At this juncture the doorbell rang and Morris entered.

"No, siree, sir," Harris Rabin bawled. "Forty-nine thousand is my figure, and that ain't forty-eight nine ninety-nine neither."

Here he recognized Morris Perlmutter with an elaborate start and extended his hand in greeting.

"Hallo, Mawruss," he said. "Them real-estaters pester the life out of a feller. 'Tain't no use your hanging around here, Henochstein," he called in sterner tones. "When I make up my mind I make up my mind, and that's all there is to it."

Henochstein turned in crestfallen silence and passed slowly out of the room.

"Them sharks ain't satisfied that you're giving away a house, Mawruss," Harris went on. "They want it you should let 'em have coupons and trading stamps with it."

"How much did he offer you?" Morris asked.

"Forty-eight five-fifty," Harris Rabin replied. "That feller's got a nerve like a horse."

"Oh, I don't know," Morris murmured. "Forty-eight five-fifty is a good price for the house, Harris."

"Is it?" Harris cried. "Well, maybe you think so, but you ain't such a griterion."

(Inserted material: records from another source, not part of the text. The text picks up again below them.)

(* For any time warp $f$ and $m\in\omega^+$, $f^\star(m)=\bigwedge\{p(n)\mid n\in\omega^+\text{ and } m\le f(n)\}$ (where the meet of the empty set is $\omega$).
   Context: Let $\omega^+=\omega\cup\{\omega\}$ with its natural order. A time warp is a join-preserving map $f\colon\omega^+\to\omega^+$ (equivalently order-preserving with $f(0)=0$ and $f(\omega)=\bigvee_{n\in\omega}f(n)$); time warps are ordered pointwise. $p$ is the time warp $p(m)=\bigvee\{k\in\omega\mid k<m\}$ (so $p(0)=0$, $p(\omega)=\omega$, $p(m)=m-1$ otherwise), and $f^\star$ is the largest time warp $h$ with $f\circ h\le p$. *)

(* omega^+ = omega ∪ {omega}, modelled as finite naturals plus a top element. *)
From Stdlib Require Import Arith.

Inductive wplus : Type :=
  | Fin : nat -> wplus
  | Om  : wplus.

Definition wle (x y : wplus) : Prop :=
  match x, y with
  | Fin a, Fin b => a <= b
  | _, Om => True
  | Om, Fin _ => False
  end.

Definition is_lub (S : wplus -> Prop) (x : wplus) : Prop :=
  (forall y, S y -> wle y x) /\ (forall z, (forall y, S y -> wle y z) -> wle x z).

Definition is_glb (S : wplus -> Prop) (x : wplus) : Prop :=
  (forall y, S y -> wle x y) /\ (forall z, (forall y, S y -> wle z y) -> wle z x).

Definition time_warp (f : wplus -> wplus) : Prop :=
  forall (S : wplus -> Prop) (x : wplus),
    is_lub S x -> is_lub (fun y => exists z, S z /\ y = f z) (f x).

Definition p (m : wplus) : wplus :=
  match m with
  | Fin n => Fin (n - 1)
  | Om => Om
  end.

Definition is_star (f g : wplus -> wplus) : Prop :=
  time_warp g /\ (forall m, wle (f (g m)) (p m)) /\
  (forall h, time_warp h -> (forall m, wle (f (h m)) (p m)) -> forall m, wle (h m) (g m)).

(* f^* is obtained as the right adjoint of f, shifted by p: for every successor
   m = k + 1 and every x one has x <= f^*(m) iff f(x) <= k, so f^*(m) is the
   largest x with f(x) <= p(m), which is the meet of the p(n) with m <= f(n).
   At m = 0 and m = omega the value of any time warp is forced by strictness
   and continuity, and the meet itself is strict and continuous (continuity
   at omega because f(N + 1) = omega as soon as every f^*(k) <= N).  Maximality makes f^* unique, so every f^*
   is this meet. *)

From Stdlib Require Import Arith Lia Wf_nat Classical ClassicalEpsilon.

Lemma wle_refl x : wle x x.
Proof. destruct x; simpl; auto. Qed.

Lemma wle_trans x y z : wle x y -> wle y z -> wle x z.
Proof. destruct x, y, z; simpl; intros; auto; try lia; contradiction. Qed.

Lemma wle_antisym x y : wle x y -> wle y x -> x = y.
Proof. destruct x, y; simpl; intros; auto; try contradiction. f_equal; lia. Qed.

Lemma Fin0_wle x : wle (Fin 0) x.
Proof. destruct x; simpl; auto; lia. Qed.

Lemma wle_Om x : wle x Om.
Proof. destruct x; exact I. Qed.

Lemma wle_Fin_or_Fin_succ x k : wle x (Fin k) \/ wle (Fin (S k)) x.
Proof. destruct x as [j|]; simpl; auto; lia. Qed.

Lemma not_wle_p n x : ~ wle n x -> wle x (p n).
Proof. destruct n as [k|], x as [j|]; simpl; intros H; auto; lia. Qed.

Lemma p_Fin_succ k : p (Fin (S k)) = Fin k.
Proof. simpl; rewrite Nat.sub_0_r; reflexivity. Qed.

Record is_warp (h : wplus -> wplus) : Prop := {
  warp_mono : forall x y, wle x y -> wle (h x) (h y);
  warp_Fin0 : h (Fin 0) = Fin 0;
  warp_Om_lub : forall z, (forall k, wle (h (Fin k)) z) -> wle (h Om) z }.

Lemma is_lub_pair x y : wle x y -> is_lub (fun z => z = x \/ z = y) y.
Proof.
  intros Hxy; split.
  - intros z [-> | ->]; [exact Hxy | apply wle_refl].
  - intros z Hz; apply Hz; right; reflexivity.
Qed.

Lemma is_lub_empty : is_lub (fun _ => False) (Fin 0).
Proof. split; [intros _ [] | intros z _; apply Fin0_wle]. Qed.

Lemma is_lub_Fin : is_lub (fun z => exists k, z = Fin k) Om.
Proof.
  split; [intros z _; apply wle_Om|].
  intros [n|] Hz; [|exact I].
  specialize (Hz (Fin (S n)) (ex_intro _ _ eq_refl)); simpl in Hz; lia.
Qed.

Lemma is_lub_Fin_attained A k : is_lub A (Fin k) -> k = 0 \/ A (Fin k).
Proof.
  intros [Hub Hleast]; destruct k as [|k]; [left; reflexivity | right].
  apply NNPP; intros HA.
  assert (H : wle (Fin (S k)) (Fin k)).
  { apply Hleast; intros [j|] Hj; specialize (Hub _ Hj); simpl in *; [|contradiction].
    assert (j <> S k) by (intros ->; contradiction). lia. }
  simpl in H; lia.
Qed.

Lemma is_lub_Om_cofinal A :
  is_lub A Om -> A Om \/ forall j, exists i, j <= i /\ A (Fin i).
Proof.
  intros [_ Hleast]; apply NNPP; intros H.
  apply not_or_and in H as [HOm Hj]; apply not_all_ex_not in Hj as [j Hj].
  apply (Hleast (Fin j)); intros [i|] Hi; [simpl | contradiction].
  destruct (le_lt_dec j i); [exfalso; eauto | lia].
Qed.

Lemma time_warp_iff_is_warp h : time_warp h <-> is_warp h.
Proof.
  split.
  - intros Hh; split.
    + intros x y Hxy. apply (proj1 (Hh _ _ (is_lub_pair x y Hxy))).
      exists x; split; [left|]; reflexivity.
    + apply wle_antisym; [|apply Fin0_wle].
      apply (proj2 (Hh _ _ is_lub_empty)); intros y [z [[] _]].
    + intros z Hz. apply (proj2 (Hh _ _ is_lub_Fin)).
      intros y [x [[k ->] ->]]; apply Hz.
  - intros [Hmono H0 HOm] A x Hx; split.
    + intros y [z [Hz ->]]; apply Hmono, (proj1 Hx), Hz.
    + intros z Hz.
      assert (Himg : forall y, A y -> wle (h y) z) by (intros y Hy; apply Hz; eauto).
      destruct x as [k|].
      * destruct (is_lub_Fin_attained A k Hx) as [-> | HA]; auto.
        rewrite H0; apply Fin0_wle.
      * destruct (is_lub_Om_cofinal A Hx) as [HA | Hcof]; auto.
        apply HOm; intros j; destruct (Hcof j) as [i [Hji Hi]].
        apply wle_trans with (h (Fin i)); [apply Hmono; exact Hji | auto].
Qed.

Lemma glb_exists (S : wplus -> Prop) : exists x, is_glb S x.
Proof.
  destruct (classic (exists k, S (Fin k))) as [HS | HS].
  - destruct (dec_inh_nat_subset_has_unique_least_element
                (fun k => S (Fin k)) (fun k => classic _) HS) as [k [[Sk Hk] _]].
    exists (Fin k); split.
    + intros [j|] Sj; simpl; auto.
    + intros z Hz; apply Hz, Sk.
  - exists Om; split.
    + intros [j|] Sj; simpl; eauto.
    + intros z _; apply wle_Om.
Qed.

Lemma is_star_unique f g g' : is_star f g -> is_star f g' -> forall m, g m = g' m.
Proof.
  intros [Hg [Hfg Hgmax]] [Hg' [Hfg' Hg'max]] m.
  apply wle_antisym; [apply Hg'max | apply Hgmax]; assumption.
Qed.

Section Star.

Variable f : wplus -> wplus.

Definition star (m : wplus) : wplus :=
  epsilon (inhabits Om) (is_glb (fun y => exists n, wle m (f n) /\ y = p n)).

Lemma star_glb m : is_glb (fun y => exists n, wle m (f n) /\ y = p n) (star m).
Proof. unfold star; apply epsilon_spec, glb_exists. Qed.

Lemma wle_star x m : wle x (star m) <-> forall n, wle m (f n) -> wle x (p n).
Proof.
  destruct (star_glb m) as [Hlb Hgreatest]; split.
  - intros Hx n Hn; apply wle_trans with (star m); [exact Hx | apply Hlb; eauto].
  - intros H; apply Hgreatest; intros y [n [Hn ->]]; auto.
Qed.

Lemma star_le_p m n : wle m (f n) -> wle (star m) (p n).
Proof. apply wle_star, wle_refl. Qed.

Lemma star_mono x y : wle x y -> wle (star x) (star y).
Proof.
  intros Hxy; apply wle_star; intros n Hn.
  apply star_le_p, wle_trans with y; assumption.
Qed.

Lemma star_Fin0 : star (Fin 0) = Fin 0.
Proof. apply wle_antisym; [apply (star_le_p (Fin 0) (Fin 0)) | ]; apply Fin0_wle. Qed.

Hypothesis f_warp : is_warp f.

Lemma wle_star_succ x k : wle x (star (Fin (S k))) <-> wle (f x) (Fin k).
Proof.
  rewrite wle_star; split.
  - intros H; destruct x as [[|j]|].
    + rewrite (warp_Fin0 f f_warp); apply Fin0_wle.
    + destruct (wle_Fin_or_Fin_succ (f (Fin (S j))) k) as [Hle | Hgt]; [exact Hle|].
      specialize (H _ Hgt); simpl in H; lia.
    + apply (warp_Om_lub f f_warp); intros j.
      destruct (wle_Fin_or_Fin_succ (f (Fin j)) k) as [Hle | Hgt]; [exact Hle|].
      destruct (H _ Hgt).
  - intros Hx n Hn; apply not_wle_p; intros Hnx.
    pose proof (wle_trans _ _ _ Hn (wle_trans _ _ _ (warp_mono f f_warp _ _ Hnx) Hx)).
    simpl in *; lia.
Qed.

Lemma star_Om_lub z : (forall k, wle (star (Fin k)) z) -> wle (star Om) z.
Proof.
  intros Hz; destruct z as [N|]; [|apply wle_Om].
  assert (HN : f (Fin (S N)) = Om).
  { destruct (f (Fin (S N))) as [M|] eqn:E; [exfalso | reflexivity].
    assert (H : wle (Fin (S N)) (star (Fin (S M))))
      by (apply wle_star_succ; rewrite E; apply wle_refl).
    pose proof (wle_trans _ _ _ H (Hz _)); simpl in *; lia. }
  rewrite <- p_Fin_succ; apply star_le_p; rewrite HN; exact I.
Qed.

Lemma star_is_warp : is_warp star.
Proof. split; [exact star_mono | exact star_Fin0 | exact star_Om_lub]. Qed.

Lemma f_star_le_p m : wle (f (star m)) (p m).
Proof.
  destruct m as [[|k]|].
  - rewrite star_Fin0, (warp_Fin0 f f_warp); apply wle_refl.
  - rewrite p_Fin_succ; apply wle_star_succ, wle_refl.
  - apply wle_Om.
Qed.

Lemma star_greatest h :
  is_warp h -> (forall m, wle (f (h m)) (p m)) -> forall m, wle (h m) (star m).
Proof.
  intros Hh Hfh.
  assert (Hfin : forall k, wle (h (Fin k)) (star (Fin k))).
  { intros [|k].
    - rewrite (warp_Fin0 h Hh); apply Fin0_wle.
    - apply wle_star_succ; rewrite <- (p_Fin_succ k); exact (Hfh (Fin (S k))). }
  intros [k|]; [apply Hfin|].
  apply (warp_Om_lub h Hh); intros k.
  apply wle_trans with (star (Fin k)); [apply Hfin | apply star_mono, wle_Om].
Qed.

Lemma star_is_star : is_star f star.
Proof.
  split; [apply time_warp_iff_is_warp, star_is_warp | split; [exact f_star_le_p|]].
  intros h Hh; apply star_greatest, time_warp_iff_is_warp, Hh.
Qed.

End Star.

Theorem lemma2p3 (f : wplus -> wplus) (hf : time_warp f) :
  (exists g, is_star f g) /\
  (forall g, is_star f g ->
     forall m : wplus,
       is_glb (fun y => exists n : wplus, wle m (f n) /\ y = p n) (g m)).
Proof.
  apply time_warp_iff_is_warp in hf.
  split; [exists (star f); exact (star_is_star f hf)|].
  intros g Hg m.
  rewrite (is_star_unique f g (star f) Hg (star_is_star f hf) m).
  apply star_glb.
Qed.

Morris was visibly offended at so harsh a rejoinder.

"I know I ain't, Harris," he said. "If I was I wouldn't be here, Harris. I come here like a friend, not like one of them—them—fellers what you talk about. If it wasn't that my Minnie is such a friend to your daughter Miriam I shouldn't bother myself; but, knowing Alec Goldwasser as I do, and being a friend of yours always up to now, Harris, I come to you and say I will give you forty-eight six hundred for the house, and that is my last word."

Harris Rabin laughed aloud.

"Jokes you are making it, Mawruss," he said. "A joke is a joke, but when a feller got all the trouble what I got it, as you know, Mawruss, he got a hard time seeing a joke, Mawruss."

"That ain't no joke, Harris," Morris replied. "That's an offer, and I can sit right down now and make a memorandum if you want it, and pay you fifty dollars as a binder."

"I'll tell you what I'll do, Mawruss," Harris said. "You raised Henochstein fifty dollars, so I'll come down fifty dollars, and that'll be forty-eight thousand nine hundred and fifty."

He grew suddenly excited and grabbed Morris by the arm.

"Don't let's waste no time about it," he cried. "What's the use of memorandums? We go right away by Henry D. Feldman and fix up the contract."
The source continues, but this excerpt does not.